Well, you'd blog too if you'd just had the most topical dream ever.

I woke up early, early, early this morning in a panic. Just a moment before, I had been living through our wedding day, and it was 3:30 in the afternoon and only a few of our guests had trickled in. Where were they? We had forgotten to book the buses! We would have to send taxis to the hotel to pick them all up!

As the dream went on, it seemed that we had also forgotten to book the DJ! and plan the ceremony music! and order flowers! and iron our suits!

Anyhow, this dream lit a fire under my ass to get moving on our essential to-do list. Some tasks we have left are quite complicated, and time is slipping away.

I promise that by October 11, we will have buses booked and we will not leave you stranded at the hotel. Obviously, my conscience will not allow me to sleep until I am sure of it.


Monday, March 3, 2008

Sunrise/Sunset cont...

In an earlier post, I mentioned how perfect it was that sunset was going to be during the cocktail hour, right before dinner. We were very proud of ourselves for inadvertently planning around the rotation of the earth. However, we have recently made several observations, after discussions with photographers, that give us pause.

Our wedding is three weeks after the fall equinox.
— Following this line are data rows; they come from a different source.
(* Let $\Delta$ be a finite $4$-valent graph, let $\mathcal{C}$ be a partition of $E\Delta$ into cycles, and let $G\le\mathrm{Aut}(\Delta)$ be arc-transitive and $\mathcal{C}$-invariant, so that $G\le\mathrm{Aut}(\mathrm{s}(\Delta,\mathcal{C}))$ via $(\alpha,C)^g=(\alpha^g,C^g)$. Suppose that $G\le A\le\mathrm{Aut}(\mathrm{s}(\Delta,\mathcal{C}))$, that $A$ is vertex-transitive on $\mathrm{s}(\Delta,\mathcal{C})$, and that for every vertex $v$ of $\mathrm{s}(\Delta,\mathcal{C})$ the group induced by $A_v$ on the neighbourhood of $v$ is cyclic of order $2$. Then $A\le\mathrm{Aut}(\Delta)$; that is, $A$ preserves the set of pairs $\{(\alpha,C),(\alpha,D)\}$ ($\alpha\in V\Delta$, $C\neq D$ the two cycles of $\mathcal{C}$ through $\alpha$), and under the identification of such a pair with $\alpha$, $A$ acts faithfully on $V\Delta$ as a group of automorphisms of $\Delta$.
   Context: Splitting: for a $4$-valent graph $\Delta$ and a partition $\mathcal{C}$ of $E\Delta$ into cycles (each vertex lies on exactly two cycles of $\mathcal{C}$), $\mathrm{s}(\Delta,\mathcal{C})$ is the cubic graph with vertex set $\{(\alpha,C)\in V\Delta\times\mathcal{C} : \alpha\in VC\}$, where $(\alpha,C)$ and $(\beta,D)$ are adjacent iff either $C\ne D$ and $\alpha=\beta$, or $C=D$ and $\alpha,\beta$ are adjacent in $\Delta$. $G$ is $\mathcal{C}$-invariant if it permutes the cycles of $\mathcal{C}$. $A_v$ denotes the stabilizer of $v$ in $A$. *)

From mathcomp Require Import all_boot all_fingroup all_solvable.
Set Implicit Arguments. Unset Strict Implicit. Unset Printing Implicit Defensive.


Section Graphs.
Variable V : finType.

Definition edges (adj : rel V) : {set {set V}} :=
  [set e : {set V} | [exists x, exists y, adj x y && (e == [set x; y])]].

Definition vset (C : {set {set V}}) : {set V} :=
  [set x | [exists e in C, x \in e]].

Definition is_cycle (C : {set {set V}}) : bool :=
  [&& C != set0,
      [forall x in vset C, #|[set e in C | x \in e]| == 2] &
      [forall x in vset C, forall y in vset C,
          connect (fun a b => [set a; b] \in C) x y]].

Definition cycle_decomposition (adj : rel V) (CC : {set {set {set V}}}) : Prop :=
  partition CC (edges adj) /\ {in CC, forall C, is_cycle C}.

Definition edge_img (g : {perm V}) (C : {set {set V}}) : {set {set V}} :=
  [set [set g x | x in e] | e : {set V} in C].

Definition is_aut (adj : rel V) (g : {perm V}) : Prop :=
  forall x y, adj (g x) (g y) = adj x y.

(* vertices of the splitting s(Delta, CC): pairs (alpha, C) with alpha in VC *)
Definition svert (CC : {set {set {set V}}}) :=
  {p : V * {set {set V}} | (p.2 \in CC) && (p.1 \in vset p.2)}.

Definition sadj (CC : {set {set {set V}}}) : rel (svert CC) :=
  fun u w =>
    (((val u).1 == (val w).1) && ((val u).2 != (val w).2))
    || (((val u).2 == (val w).2) && ([set (val u).1; (val w).1] \in (val u).2)).

End Graphs.

Definition is_graph_aut (T : finType) (r : rel T) (a : {perm T}) : Prop :=
  forall x y, r (a x) (a y) = r x y.

From mathcomp Require Import all_boot all_fingroup all_solvable.
Local Open Scope group_scope.
Set Implicit Arguments.
Unset Strict Implicit.
Unset Printing Implicit Defensive.

(* The fibre {(x, C), (x, D)} over a vertex x of Delta is an edge of s(Delta, CC); all other
   edges join consecutive vertices of a cycle.  Arc-transitivity of G yields, for every cycle
   edge {u, w}, an element of A_u moving w while fixing the fibre partner of u (it fixes x and
   C, hence also D).  Since A_u induces a group of order 2 on the neighbourhood of u, all of
   A_u then fixes the fibre partner of u.  So no a in A can map a fibre edge {u, w} to a cycle
   edge: conjugating by a an element of A_(a u) moving a w would give an element of A_u moving
   w.  Hence A permutes the fibres, the induced permutation of the vertices of Delta maps
   cycle edges to cycle edges, and an element fixing every fibre is trivial because a cycle
   edge at (x, C) determines C. *)

Lemma restr_perm_order2_fix (T : finType) (N : {set T}) (H : {group {perm T}}) h0 x y :
  H \subset 'N(N | 'P) -> #|restr_perm N @* H| = 2 ->
  h0 \in H -> x \in N -> h0 x != x -> y \in N -> h0 y = y ->
  {in H, forall h : {perm T}, h y = y}.
Proof.
move=> nNH card2 h0H xN h0x yN h0y h hH.
have restrE k z : k \in H -> z \in N -> restr_perm N k z = k z.
  by move=> kH zN; apply: restr_permE (subsetP nNH k kH) zN.
have restr_im k : k \in H -> restr_perm N k \in restr_perm N @* H.
  by move=> kH; apply: mem_morphim (subsetP nNH k kH) kH.
have restr_h0 : restr_perm N h0 != 1.
  by apply: contraNneq h0x => h0_1; rewrite -restrE // h0_1 perm1.
have imH : [set 1; restr_perm N h0] = restr_perm N @* H.
  apply/eqP; rewrite eqEcard cards2 eq_sym restr_h0 card2 leqnn andbT.
  by rewrite subUset !sub1set group1 restr_im.
have := restr_im h hH; rewrite -imH => /set2P[] restr_h.
  by rewrite -(restrE h y) // restr_h perm1.
by rewrite -(restrE h y) // restr_h restrE.
Qed.

Section SimpleGraph.
Variables (V : finType) (adj : rel V).
Hypotheses (adj_sym : symmetric adj) (adj_irr : irreflexive adj).

Lemma adj_edges x y : adj x y -> [set x; y] \in edges adj.
Proof.
by move=> xy; rewrite inE; apply/existsP; exists x; apply/existsP; exists y; rewrite xy eqxx.
Qed.

Lemma edges_other_end e x :
  e \in edges adj -> x \in e -> exists2 y, adj x y & e = [set x; y].
Proof.
rewrite inE => /existsP[a /existsP[b /andP[ab /eqP->]]] /set2P[]->; first by exists b.
by exists a; [rewrite adj_sym | rewrite setUC].
Qed.

Lemma edges_adj x y : [set x; y] \in edges adj -> adj x y.
Proof.
move=> xyE; have [z xz Exz] := edges_other_end xyE (set21 x y).
have : y \in [set x; z] by rewrite -Exz set22.
case/set2P=> [yx|-> //]; move: Exz; rewrite yx setUid => Exz.
have /set1P zx : z \in [set x] by rewrite Exz set22.
by move: xz; rewrite zx adj_irr.
Qed.

Lemma vsetP (C : {set {set V}}) x : reflect (exists2 e, e \in C & x \in e) (x \in vset C).
Proof.
rewrite inE; apply: (iffP existsP) => [[e /andP[]]|[e eC xe]]; first by exists e.
by exists e; rewrite eC xe.
Qed.

Lemma mem_vset2l (C : {set {set V}}) x y : [set x; y] \in C -> x \in vset C.
Proof. by move=> xyC; apply/vsetP; exists [set x; y]; rewrite ?set21. Qed.

Lemma mem_vset2r (C : {set {set V}}) x y : [set x; y] \in C -> y \in vset C.
Proof. by move=> xyC; apply/vsetP; exists [set x; y]; rewrite ?set22. Qed.

Lemma edge_img_set2 (g : {perm V}) (C : {set {set V}}) x y :
  [set x; y] \in C -> [set g x; g y] \in edge_img g C.
Proof. by move=> xyC; apply/imsetP; exists [set x; y]; rewrite // imsetU1 imset_set1. Qed.

Lemma edge_img_vset (g : {perm V}) (C : {set {set V}}) x :
  x \in vset C -> g x \in vset (edge_img g C).
Proof. by case/vsetP=> e eC xe; apply/vsetP; exists [set g y | y in e]; rewrite ?imset_f. Qed.

Lemma edge_img_inj (g : {perm V}) : injective (edge_img g).
Proof. exact: imset_inj (imset_inj (@perm_inj _ g)). Qed.

Section CycleDecomposition.
Variable CC : {set {set {set V}}}.
Hypothesis CCdec : cycle_decomposition adj CC.

Lemma cycle_edge_uniq C D e : C \in CC -> D \in CC -> e \in C -> e \in D -> C = D.
Proof.
case: CCdec => /and3P[_ /trivIsetP CCtriv _] _ CCC DCC eC eD.
apply/eqP; apply: contraT => CD.
by move: (disjointFr (CCtriv _ _ CCC DCC CD) eC); rewrite eD.
Qed.

Lemma cycle_edges C e : C \in CC -> e \in C -> e \in edges adj.
Proof. by case: CCdec => /and3P[/eqP <- _ _] _ CCC eC; apply/bigcupP; exists C. Qed.

Lemma edges_cycle e : e \in edges adj -> exists2 C, C \in CC & e \in C.
Proof. by case: CCdec => /and3P[/eqP <- _ _] _ /bigcupP[C CCC eC]; exists C. Qed.

Lemma card_cycle_edges_at C x : C \in CC -> x \in vset C -> #|[set e in C | x \in e]| = 2.
Proof.
by move=> CCC xC; case/and3P: (CCdec.2 C CCC) => _ /forallP/(_ x)/implyP/(_ xC)/eqP.
Qed.

Lemma cycle_nbr C x : C \in CC -> x \in vset C -> exists2 y, adj x y & [set x; y] \in C.
Proof.
move=> CCC /vsetP[e eC xe].
have [y xy Ee] := edges_other_end (cycle_edges CCC eC) xe.
by exists y; rewrite -?Ee.
Qed.

Lemma cycle_other_nbr C x y :
  C \in CC -> [set x; y] \in C -> exists2 z, z != y & [set x; z] \in C.
Proof.
move=> CCC xyC; have := card_cycle_edges_at CCC (mem_vset2l xyC).
rewrite (cardsD1 [set x; y]) inE xyC set21 /= add1n => -[] card1.
have /set0Pn[e] : [set e in C | x \in e] :\ [set x; y] != set0 by rewrite -card_gt0 card1.
rewrite !inE => /and3P[exy eC xe].
have [z _ Ee] := edges_other_end (cycle_edges CCC eC) xe.
by exists z; [apply: contraNneq exy => zy; rewrite Ee zy | rewrite -Ee].
Qed.

Hypothesis adj_deg4 : forall x, #|[set y | adj x y]| = 4.

(* The two cycles through x already account for all four edges at x. *)
Lemma cycles_through_vertex C D D' x :
  C \in CC -> D \in CC -> D' \in CC -> C != D ->
  x \in vset C -> x \in vset D -> x \in vset D' -> D' = C \/ D' = D.
Proof.
move=> CCC DCC D'CC CD xC xD /vsetP[e eD' xe].
pose at_x (S : {set {set V}}) := [set f in S | x \in f].
have edges_at_x : #|at_x (edges adj)| <= 4.
  rewrite -(adj_deg4 x).
  apply: leq_trans (leq_imset_card (fun y => [set x; y]) [set y | adj x y]).
  apply: subset_leq_card; apply/subsetP=> f; rewrite inE => /andP[fE xf].
  by have [y xy ->] := edges_other_end fE xf; apply/imsetP; exists y; rewrite ?inE.
have CD_at_x : [disjoint at_x C & at_x D].
  rewrite -setI_eq0; apply/set0Pn=> -[f]; rewrite !inE => /andP[/andP[fC _] /andP[fD _]].
  by move/eqP: CD; apply; apply: cycle_edge_uniq fC fD.
have all_at_x : at_x C :|: at_x D = at_x (edges adj).
  have /eqP card_CD : #|at_x C :|: at_x D| == #|at_x C| + #|at_x D|.
    by rewrite (leq_card_setU (at_x C) (at_x D)).2.
  rewrite (card_cycle_edges_at CCC xC) (card_cycle_edges_at DCC xD) in card_CD.
  apply/eqP; rewrite eqEcard card_CD edges_at_x andbT.
  apply/subsetP=> f /setUP[] /setIdP[fS xf]; apply/setIdP; split=> //.
    exact: cycle_edges CCC fS.
  exact: cycle_edges DCC fS.
have : e \in at_x (edges adj) by rewrite inE xe (cycle_edges D'CC eD').
rewrite -all_at_x !inE xe !andbT => /orP[eC|eD].
  by left; apply: cycle_edge_uniq eD' eC.
by right; apply: cycle_edge_uniq eD' eD.
Qed.
(* Let $\mathbb{F}_Q$ be a prime field, $\mathbb{F}_Q^*=\mathbb{F}_Q\setminus\{0\}$, $\sigma\in\mathbb{N}$, and $H:\{0,1\}^\sigma\to\mathbb{F}_Q$ a function with no collisions on the inputs considered. An OLE tuple $(r_A,r_B,s_A,s_B)$ is generated by drawing $s_A,s_B$ uniformly from $\mathbb{F}_Q$ and $r_B$ uniformly from $\mathbb{F}_Q^*$, independently, and setting $r_A=(s_A+s_B)/r_B$ (so $r_Ar_B=s_A+s_B$); Alice receives $(r_A,s_A)$ and Bob receives $(r_B,s_B)$. Alice has input $x\in\{0,1\}^\sigma$ and Bob has input $y\in\{0,1\}^\sigma$. In the comparison protocol, Alice sends $c=s_A-H(x)$ to Bob, Bob sends $d=(c+H(y)+s_B)/r_B$ to Alice, and Alice outputs ''match'' iff $d=r_A$ (her output is whether $x=y$; Bob has no output). Then the protocol is secure in the semi-honest model: there exist simulators $\mathsf{Sim}_A$ (given $x$, Alice's OLE share and the output) and $\mathsf{Sim}_B$ (given $y$ and Bob's OLE share) whose outputs are identically distributed to Alice's and Bob's respective views in the protocol.
   Context: Semi-honest security: a party's view consists of its input, its random coins/correlated randomness and all messages it receives; a protocol is secure if each party's view can be simulated from that party's input and output alone (here, perfectly, i.e. with identical distribution). All arithmetic is in $\mathbb{F}_Q$. *)

From mathcomp Require Import all_boot all_algebra.
Set Implicit Arguments. Unset Strict Implicit. Unset Printing Implicit Defensive.
Import GRing.Theory Num.Theory.
Local Open Scope ring_scope.

Definition bitstring (sigma : nat) := (sigma.-tuple bool).

(* Random coins of the OLE dealer: (s_A, s_B, r_B) with s_A, s_B uniform in
   F_Q and r_B uniform in F_Q^*, independently: uniform distribution on this set. *)
Definition ole_coins (Q : nat) : {set 'F_Q * 'F_Q * 'F_Q} :=
  [set w | w.2 != 0].

Definition ole_sA Q (w : 'F_Q * 'F_Q * 'F_Q) : 'F_Q := w.1.1.
Definition ole_sB Q (w : 'F_Q * 'F_Q * 'F_Q) : 'F_Q := w.1.2.
Definition ole_rB Q (w : 'F_Q * 'F_Q * 'F_Q) : 'F_Q := w.2.
Definition ole_rA Q (w : 'F_Q * 'F_Q * 'F_Q) : 'F_Q :=
  (ole_sA w + ole_sB w) / ole_rB w.

Definition prob (T : finType) (V : eqType) (S : {set T}) (f : T -> V) (v : V)
  : rat := (#|[set t in S | f t == v]|%:R / #|S|%:R)%R.

Definition msg_c Q sigma (H : bitstring sigma -> 'F_Q) (x : bitstring sigma)
  (w : 'F_Q * 'F_Q * 'F_Q) : 'F_Q := ole_sA w - H x.
Definition msg_d Q sigma (H : bitstring sigma -> 'F_Q) (x y : bitstring sigma)
  (w : 'F_Q * 'F_Q * 'F_Q) : 'F_Q := (msg_c H x w + H y + ole_sB w) / ole_rB w.

Definition alice_output Q sigma (H : bitstring sigma -> 'F_Q) (x y : bitstring sigma)
  (w : 'F_Q * 'F_Q * 'F_Q) : bool := msg_d H x y w == ole_rA w.

Definition viewA_t Q sigma := (bitstring sigma * ('F_Q * 'F_Q) * 'F_Q)%type.
Definition viewB_t Q sigma := (bitstring sigma * ('F_Q * 'F_Q) * 'F_Q)%type.

Definition viewA Q sigma (H : bitstring sigma -> 'F_Q) (x y : bitstring sigma)
  (w : 'F_Q * 'F_Q * 'F_Q) : viewA_t Q sigma :=
  (x, (ole_rA w, ole_sA w), msg_d H x y w).
Definition viewB Q sigma (H : bitstring sigma -> 'F_Q) (x y : bitstring sigma)
  (w : 'F_Q * 'F_Q * 'F_Q) : viewB_t Q sigma :=
  (y, (ole_rB w, ole_sB w), msg_c H x w).

(* Coins of the ideal experiment: dealer coins and simulator coins. *)
Definition ideal_coins Q (Omega : finType) : {set ('F_Q * 'F_Q * 'F_Q) * Omega} :=
  [set p | p.1 \in ole_coins Q].

From mathcomp Require Import all_boot all_algebra ring.
Set Implicit Arguments. Unset Strict Implicit. Unset Printing Implicit Defensive.
Import GRing.Theory Num.Theory.
Local Open Scope ring_scope.

(* Bob sees c = s_A - H(x), and s_A is uniform and independent of his share
   (r_B, s_B), so c is a fresh uniform element.  Alice sees
   d = r_A + (H(y) - H(x)) / r_B.  The dealer's coins are equivalently
   (r_A, s_A, r_B) uniform on F_Q x F_Q x F_Q^*, so when x <> y the offset
   (H(y) - H(x)) / r_B is uniform on F_Q^* and independent of her share
   (r_A, s_A); when x = y it vanishes.  Each equality of distributions is
   witnessed by a bijection of the ideal coin space that carries the simulated
   view onto the real one. *)

Lemma prob_reindex (T : finType) (V : eqType) (S : {set T}) (f g : T -> V)
    (phi : T -> T) (v : V) :
    {in S &, injective phi} -> {in S, forall t, phi t \in S} ->
    {in S, forall t, g (phi t) = f t} ->
  prob S f v = prob S g v.
Proof.
move=> phi_inj phiS gphi.
have phiS_eq : phi @: S = S.
  apply/eqP; rewrite eqEcard card_in_imset // leqnn andbT.
  by apply/subsetP => _ /imsetP[t tS ->]; apply: phiS.
rewrite /prob.
have -> : [set t in S | g t == v] = phi @: [set t in S | f t == v].
  apply/setP => u; rewrite inE; apply/andP/imsetP => [[]|[t]].
    rewrite -{1}phiS_eq => /imsetP[t tS ->] gv.
    by exists t; rewrite // inE tS -gphi.
  by rewrite inE => /andP[tS ft] ->; rewrite phiS // gphi.
rewrite card_in_imset // => t1 t2 /setIdP[t1S _] /setIdP[t2S _].
exact: phi_inj.
Qed.

Lemma prob_setX_fst (T W : finType) (V : eqType) (S : {set T}) (f : T -> V)
    (v : V) :
  (0 < #|W|)%N ->
  prob [set p : T * W | p.1 \in S] (fun p => f p.1) v = prob S f v.
Proof.
move=> W_gt0.
have setXT (A : {set T}) : [set p : T * W | p.1 \in A] = setX A [set: W].
  by apply/setP => -[t w]; rewrite !inE andbT.
rewrite /prob; have -> : [set p in [set p : T * W | p.1 \in S] | f p.1 == v] =
          setX [set t in S | f t == v] [set: W].
  by apply/setP => -[t w]; rewrite !inE andbT.
rewrite setXT !cardsX cardsT !natrM -mulf_div divff ?mulr1 //.
by rewrite pnatr_eq0 -lt0n.
Qed.

Lemma prob_setX_reindex (T W : finType) (V : eqType) (S : {set T}) (f : T -> V)
    (g : T * W -> V) (phi : T * W -> T * W) (v : V) :
    let SW := [set p : T * W | p.1 \in S] in
    (0 < #|W|)%N -> {in SW, involutive phi} ->
    {in SW, forall p, phi p \in SW} ->
    {in SW, forall p, g (phi p) = f p.1} ->
  prob S f v = prob SW g v.
Proof.
move=> SW W_gt0 phiK phiS gphi; rewrite -(prob_setX_fst S f v W_gt0).
by apply: (prob_reindex (phi := phi)) => //; exact: can_in_inj phiK.
Qed.

Section Protocol.

Variables (Q sigma : nat) (H : bitstring sigma -> 'F_Q).

Local Notation coins := ('F_Q * 'F_Q * 'F_Q)%type.
Definition sim_coins : finType := ('F_Q * {z : 'F_Q | z != 0})%type.

Definition ole_of_share (rA sA rB : 'F_Q) : coins := (sA, rA * rB - sA, rB).

Lemma ole_of_shareK w :
  ole_rB w != 0 -> ole_of_share (ole_rA w) (ole_sA w) (ole_rB w) = w.
Proof.
case: w => [[sA sB] rB] rB0.
by rewrite /ole_of_share /ole_rA mulfVK // addrC addKr.
Qed.

Lemma ole_sA_of_share rA sA rB : ole_sA (ole_of_share rA sA rB) = sA.
Proof. by []. Qed.

Lemma ole_rA_of_share rA sA rB : rB != 0 -> ole_rA (ole_of_share rA sA rB) = rA.
Proof. by move=> rB0; rewrite /ole_rA /= addrC subrK mulfK. Qed.

Lemma msg_dE x y w : msg_d H x y w = ole_rA w + (H y - H x) / ole_rB w.
Proof. by rewrite /msg_d /msg_c /ole_rA -mulrDl; congr (_ / _); ring. Qed.

Definition simA (x : bitstring sigma) (share : 'F_Q * 'F_Q) (b : bool)
    (w : sim_coins) : viewA_t Q sigma :=
  (x, share, if b then share.1 else share.1 + val w.2).

Definition simB (y : bitstring sigma) (share : 'F_Q * 'F_Q) (w : sim_coins)
    : viewB_t Q sigma :=
  (y, share, w.1).

Lemma sim_coins_gt0 : (0 < #|sim_coins|)%N.
Proof. by apply/card_gt0P; exists (0, exist _ 1 (oner_neq0 _)). Qed.

Lemma viewA_simulated_eq x v :
  prob (ole_coins Q) (viewA H x x) v =
  prob (ideal_coins Q sim_coins)
    (fun p => simA x (ole_rA p.1, ole_sA p.1) true p.2) v.
Proof.
apply: (prob_setX_reindex (phi := id)) sim_coins_gt0 _ _ _ => // p _.
by rewrite /viewA msg_dE subrr mul0r addr0.
Qed.

(* (r_A, s_A, r_B, o, t) |-> (r_A, s_A, delta / t, o, delta / r_B), an
   involution when delta, r_B and t are nonzero. *)
Definition exchange_offset (delta : 'F_Q) (p : coins * sim_coins) :=
  (ole_of_share (ole_rA p.1) (ole_sA p.1) (delta / val p.2.2),
   (p.2.1, insubd p.2.2 (delta / ole_rB p.1))).

Lemma viewA_simulated_neq x y v : H x != H y ->
  prob (ole_coins Q) (viewA H x y) v =
  prob (ideal_coins Q sim_coins)
    (fun p => simA x (ole_rA p.1, ole_sA p.1) false p.2) v.
Proof.
rewrite eq_sym -subr_eq0 => delta0.
have offsetE w (t : {z : 'F_Q | z != 0}) : ole_rB w != 0 ->
    val (insubd t ((H y - H x) / ole_rB w)) = (H y - H x) / ole_rB w.
  by move=> rB0; rewrite val_insubd mulf_neq0 ?invr_eq0.
have offset_neq0 (t : {z : 'F_Q | z != 0}) : (H y - H x) / val t != 0.
  by rewrite mulf_neq0 ?invr_eq0 ?(valP t).
apply: (prob_setX_reindex (phi := exchange_offset (H y - H x)))
  sim_coins_gt0 _ _ _.
- move=> [w [o t]]; rewrite !inE /= => rB0.
  rewrite /exchange_offset /= ole_rA_of_share ?offset_neq0 //.
  rewrite ole_sA_of_share offsetE //.
  by rewrite (divKf delta0) ole_of_shareK // (divKf delta0) valKd.
- by move=> [w [o t]] _; rewrite !inE; exact: offset_neq0.
- move=> [w [o t]]; rewrite !inE /= => rB0.
  rewrite /simA /exchange_offset /= ole_rA_of_share ?offset_neq0 //.
  by rewrite offsetE // /viewA msg_dE.
Qed.

Definition exchange_sA x (p : coins * sim_coins) : coins * sim_coins :=
  ((p.2.1 + H x, ole_sB p.1, ole_rB p.1), (ole_sA p.1 - H x, p.2.2)).

Lemma viewB_simulated x y v :
  prob (ole_coins Q) (viewB H x y) v =
  prob (ideal_coins Q sim_coins)
    (fun p => simB y (ole_rB p.1, ole_sB p.1) p.2) v.
Proof.
apply: (prob_setX_reindex (phi := exchange_sA x)) sim_coins_gt0 _ _ _ => //.
- by move=> [[[sA sB] rB] [o t]] _; rewrite /exchange_sA /= addrK subrK.
- by move=> [w [o t]]; rewrite !inE.
Qed.

End Protocol.

Theorem theorem2 (Q sigma : nat) (HQ : prime Q) (H : bitstring sigma -> 'F_Q) :
  exists (Omega : finType)
    (SimA : bitstring sigma -> 'F_Q * 'F_Q -> bool -> Omega -> viewA_t Q sigma)
    (SimB : bitstring sigma -> 'F_Q * 'F_Q -> Omega -> viewB_t Q sigma),
  forall x y : bitstring sigma, (H x = H y -> x = y) ->
    (forall v : viewA_t Q sigma,
       prob (ole_coins Q) (viewA H x y) v =
       prob (ideal_coins Q Omega)
         (fun p => SimA x (ole_rA p.1, ole_sA p.1) (x == y) p.2) v) /\
    (forall v : viewB_t Q sigma,
       prob (ole_coins Q) (viewB H x y) v =
       prob (ideal_coins Q Omega)
         (fun p => SimB y (ole_rB p.1, ole_sB p.1) p.2) v).
Proof.
exists (sim_coins Q), (@simA Q sigma), (@simB Q sigma) => x y H_inj.
split=> v; last exact: viewB_simulated.
have [<-|neq_xy] := eqVneq x y; first exact: viewA_simulated_eq.
by apply: viewA_simulated_neq; apply: contra_neq neq_xy.
Qed.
This weekend is three weeks before the spring equinox. Thus, physics and astronomy being what they are, this weekend should have been a very good indicator of what the sun will look like on our wedding day. And let me tell you, the lighting at 5pm is horrible! It gets dark a lot sooner than you might expect a day to get when sunset is officially at 6:45 pm.

We are therefore fairly certain that the ceremony will be at 4pm now, rather than at 5pm. Because as much as we reject many notions of traditional wedding photography, lighting remains one of the few things we cannot defy.